In response to several of Marlantes' observations, observations I myself have remarked on at times in my ravings to friends, I was moved to put out a second edition of my book, Surfing Vietnam. In this second edition, I wanted to underscore the fact that a real war was occurring half a world away, as my protagonist wanders through an America sickened and subverted by the lies and brutality the political war was spawning at home.

In order to heighten the reader's awareness of the real war, in addition to including seven military-style obituaries at the ends of chapters for male characters appearing in those chapters, that I put in at the last minute in the first edition, I began each chapter in this second edition with a pithy quote about war. Tofurther underscore the fact of the "real" war, I wrote an epilogue in which my protagonist describes a meeting in Paris with a highly decorated Marine Captain in Paris in 1975 who bears an eerie resemblance to the protagonist in Matterhorn and to Marlantes himself.

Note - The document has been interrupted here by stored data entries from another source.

(* Let $q\in\mathbb{K}$ be a primitive $\ell$-th root of unity with $\ell>1$ odd, and $n\ge1$. For $a\in K^i_{d_1}(n)$ and $b\in K^j_{d_2}(n)$, \[ \kappa(ab)=q^j\kappa(a)b+(-q^{-1})^{d_1-i}a\kappa(b). \] For $a\in\Omega^i_{d_1}(n)$ and $b\in\Omega^j_{d_2}(n)$, \[ \delta(ab)=q^{d_2-j}\delta(a)b+(-q^{-1})^ia\delta(b). \]
   Context: Quantum polynomial functors: for $q\in\mathbb{K}^\times$, $\mathcal{H}_d$ is the Hecke algebra with generators $T_1,\dots,T_{d-1}$, relations $T_iT_j=T_jT_i$ ($|i-j|>1$), $T_iT_{i+1}T_i=T_{i+1}T_iT_{i+1}$, $(T_i-q)(T_i+q^{-1})=0$, basis $T_w$, $w\in\mathfrak{S}_d$. $V_n=\mathbb{K}^n$ with basis $e_1,\dots,e_n$; $T_i$ acts on $V_n^{\otimes d}$ by $R_n$ in positions $i,i+1$, where $R_n(e_i\otimes e_j)=e_j\otimes e_i$ ($i<j$), $q\,e_i\otimes e_i$ ($i=j$), $(q-q^{-1})e_i\otimes e_j+e_j\otimes e_i$ ($i>j$). $\mathcal{P}^d_q$ is the category of $\mathbb{K}$-linear functors from the category with objects $V_n^{\otimes d}$ and $\mathcal{H}_d$-linear maps to finite-dimensional vector spaces, $F(n):=F(V_n^{\otimes d})$. $\mathcal{P}_q$ is braided monoidal with $(F\otimes G)(n)=F(n)\otimes G(n)$ and braiding $R_{F,G}:F\otimes G\to G\otimes F$ uniquely determined by $R_{I,I}(n)=R_n$, naturality in $F,G$, unit compatibility and the hexagon identities. $S^*_q(n)$: algebra generated by $e_1,\dots,e_n$ in degree 1 with $e_je_i=qe_ie_j$ ($i<j$); $\Lambda^*_q(n)$: generated with $e_j\wedge e_i=-q^{-1}e_i\wedge e_j$ ($i<j$), $e_i\wedge e_i=0$; their degree-$d$ parts define quotient functors $S^d_q,\Lambda^d_q$ of $I^{\otimes d}$, with products $\mu$. The action of $\sum_\sigma q^{l(\sigma)}T_\sigma$ (resp. $\sum_\sigma(-q^{-1})^{l(\sigma)}T_\sigma$), over $(i,j)$-shuffles $\sigma$, on $I^{\otimes i+j}$ descends to $\Delta^{(i,j)}:S^{i+j}_q\to S^i_q\otimes S^j_q$ (resp. $\Lambda^{i+j}_q\to\Lambda^i_q\otimes\Lambda^j_q$). Set $\Omega^i_d=S^{d-i}_q\otimes\Lambda^i_q$ and $K^i_d=\Omega^{d-i}_d=S^i_q\otimes\Lambda^{d-i}_q$. $\delta:\Omega^i_d\to\Omega^{i+1}_d$ is $(1\otimes\mu)(\Delta^{(d-i-1,1)}\otimes1)$ and $\kappa:K^i_d\to K^{i+1}_d$ is $(\mu\otimes1)(1\otimes\Delta^{(1,d-i-1)})$, using $S^1_q=\Lambda^1_q=I$. The product on $\Omega=K=\bigoplus S^a_q\otimes\Lambda^b_q$ is $(a\otimes b)(c\otimes d)=(\mu\otimes\mu)(a\otimes R(b\otimes c)\otimes d)$. *)

(* Concrete model of the objects of Proposition 5.3,
   evaluated at a fixed n : everything is computed on V_n^{(x) d}
   (tensors = coefficient functions on words), and the quotients
   S^a_q(n) (x) Lambda^b_q(n) are handled as congruence modulo the
   defining relations. *)
From HB Require Import structures.
From mathcomp Require Import all_boot all_order all_algebra.
Set Implicit Arguments. Unset Strict Implicit. Unset Printing Implicit Defensive.
Import Order.TTheory GRing.Theory Num.Theory.
Local Open Scope ring_scope.

Section QuantumKoszul.
Variables (K : fieldType) (q : K) (n : nat).

(* An element of V_n^{(x) d}: coefficient of e_{w_1} (x) ... (x) e_{w_d}
   for each word w of length d (values on other words are ignored). *)
Definition tens := seq 'I_n -> K.

Definition tz : tens := fun _ => 0.

Definition ev (w : seq 'I_n) : tens := fun u => (u == w)%:R.

(* R_n acting on letters p, p+1 (0-indexed) of the basis tensor e_w *)
Definition Rpos (p : nat) (w : seq 'I_n) : tens :=
  match drop p w with
  | i :: j :: r =>
      let sw := take p w ++ j :: i :: r in
      if (i < j)%N then ev sw
      else if i == j then (fun u => q * ev w u)
      else (fun u => (q - q^-1) * ev w u + ev sw u)
  | _ => ev w
  end.

(* The Hecke generator T_{p+1} on V_n^{(x) d} *)
Definition Top (d p : nat) (x : tens) : tens :=
  fun u => \sum_(w : d.-tuple 'I_n) x w * Rpos p w u.

(* moving the strand at position pos to the right through s strands:
   R at positions pos, pos+1, ..., pos+s-1 (applied in this order) *)
Fixpoint moveR (d pos s : nat) (x : tens) : tens :=
  match s with
  | 0 => x
  | s'.+1 => moveR d pos.+1 s' (Top d pos x)
  end.

(* braiding R_{I^{(x)r}, I^{(x)s}} on the block of positions p..p+r+s-1,
   obtained from R_{I,I} = R_n by the hexagon identities *)
Fixpoint braid (d p r s : nat) (x : tens) : tens :=
  match r with
  | 0 => x
  | r'.+1 => braid d p r' s (moveR d (p + r') s x)
  end.

Definition tensor (D : nat) (x y : tens) : tens :=
  fun u => x (take D u) * y (drop D u).

(* product S^p(x)L^r times S^s(x)L^t -> S^{p+s}(x)L^{r+t}, on lifts:
   (mu (x) mu)(1 (x) R_{L^r,S^s} (x) 1); mu is the quotient map *)
Definition Kmul (p r s t : nat) (x y : tens) : tens :=
  braid (p + r + s + t) p r s (tensor (p + r) x y).

Fixpoint pullL (d s k : nat) (x : tens) : tens :=
  match k with
  | 0 => x
  | k'.+1 => pullL d s k' (Top d (s + k') x)
  end.

Fixpoint pushR (d s k : nat) (x : tens) : tens :=
  match k with
  | 0 => x
  | k'.+1 => pushR d s k' (Top d (s - k'.+2) x)
  end.

(* kappa : S^s (x) L^m -> S^{s+1} (x) L^{m-1},
   (mu (x) 1)(1 (x) Delta^{(1,m-1)}), where Delta^{(1,m-1)} is the action of
   sum over (1,m-1)-shuffles sigma of (-q^-1)^{l(sigma)} T_sigma
   (sigma = s_1 s_2 ... s_k, k < m) on the Lambda-block; 0 if m = 0. *)
Definition kappa (s m : nat) (x : tens) : tens :=
  if m is 0 then tz else
  fun u => \sum_(k < m) (- q^-1) ^+ k * pullL (s + m) s k x u.

(* delta : S^s (x) L^m -> S^{s-1} (x) L^{m+1},
   (1 (x) mu)(Delta^{(s-1,1)} (x) 1), Delta^{(s-1,1)} = action of
   sum over (s-1,1)-shuffles sigma of q^{l(sigma)} T_sigma
   (sigma = s_{s-1} ... s_{s-k}, k < s) on the S-block; 0 if s = 0. *)
Definition delta (s m : nat) (x : tens) : tens :=
  if s is 0 then tz else
  fun u => \sum_(k < s) q ^+ k * pushR (s + m) s k x u.

(* Generators of the kernel of V^{(x)(a+b)} -> S^a_q(n) (x) Lambda^b_q(n):
   e_u (x) rel (x) e_v with rel a defining relation of S^*_q placed inside
   the first a slots, or of Lambda^*_q inside the last b slots.
   relgen a b w p : relation at letters p,p+1 of the word w. *)
Definition relgen (a b : nat) (w : seq 'I_n) (p : nat) : tens :=
  match drop p w with
  | i :: j :: r =>
      let sw := take p w ++ j :: i :: r in
      if (p.+2 <= a)%N then
        (if (i < j)%N then (fun u => ev sw u - q * ev w u) else tz)
      else if (a <= p)%N && (p.+2 <= a + b)%N then
        (if (i < j)%N then (fun u => ev sw u + q^-1 * ev w u)
         else if i == j then ev w else tz)
      else tz
  | _ => tz
  end.

(* x and y (tensors of degree a+b) have the same image in
   S^a_q(n) (x) Lambda^b_q(n) : their difference lies in the span
   of the relation generators. *)
Definition cong (a b : nat) (x y : tens) : Prop :=
  exists c : (a + b).-tuple 'I_n -> nat -> K,
    forall u : (a + b).-tuple 'I_n,
      x u - y u = \sum_(w : (a + b).-tuple 'I_n)
                    \sum_(p < a + b) c w p * relgen a b w p u.

End QuantumKoszul.

(** Expanding kappa(ab) over
    the (1, m-1)-shuffles, a shuffle that pulls out a strand of the Lambda-part
    of a is, by naturality of the braiding, the corresponding shuffle term of
    kappa(a) b followed by moving one symmetric strand across the j symmetric
    strands of b; a shuffle pulling out a strand of the Lambda-part of b is, by
    the hexagon identity, a shuffle term of a kappa(b), reached after the
    d1 - i strands of a have been passed.  Modulo the defining relations a
    crossing of two symmetric strands acts by q and a crossing of two exterior
    strands by -q^-1, which produces the coefficients q^j and (-q^-1)^(d1-i).
    The argument for delta is the mirror image. *)

From HB Require Import structures.
From mathcomp Require Import all_boot all_order all_algebra.
From mathcomp Require Import ring zify.
From Stdlib Require Import FunctionalExtensionality.
Set Implicit Arguments. Unset Strict Implicit. Unset Printing Implicit Defensive.
Import Order.TTheory GRing.Theory Num.Theory.
Local Open Scope ring_scope.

In the Epilogue, the Marlantes figure reiterates some of the observations he makes in his book. He exposits through one of his characters that there is nothing to steal in Vietnam. All wars are probably immoral, but some are also illogical. It is sane and rational to steal another country's wealth, land, gold or oil--not moral, but logical. Vietnam was neither moral nor logical. The double whammy of lunacy inherent in such a war and the government's attempts through intimidation, lies, and betrayal to rationalize and justify the lunacy were the seeds planted during the Vietnam War that are bearing fruit now in a country that is enslaving its own citizens, throwing out Constitutional Law, English Common Law and all decency in the name of fighting the so-called "war on terror" and preserving corporate interests.

I never set out to write Surfing Vietnam as a political polemic, but rather a worm's eye view of a society enmeshing itself in the lies and betrayals necessary to conduct such a lunatic war. Fighting a war in the jungle was not protecting NewYork from a communist take-over. The little brown men who fought like tigers and died like flies were not fighting for Marx or Lenin, but for a homeland that housed their ancestors and families and provided their livelihoods. One week in the jungle in combat would have persuaded Kennedy and Johnson,  Kissinger and McNamera  that the "principles" they were fighting for were just a load of bullshit Sophistry.

I would hope that some young people read Matterhorn and Surfing Vietnam. I pray they are not all as vapid as the young lady in the cartoon at the head of this blog post.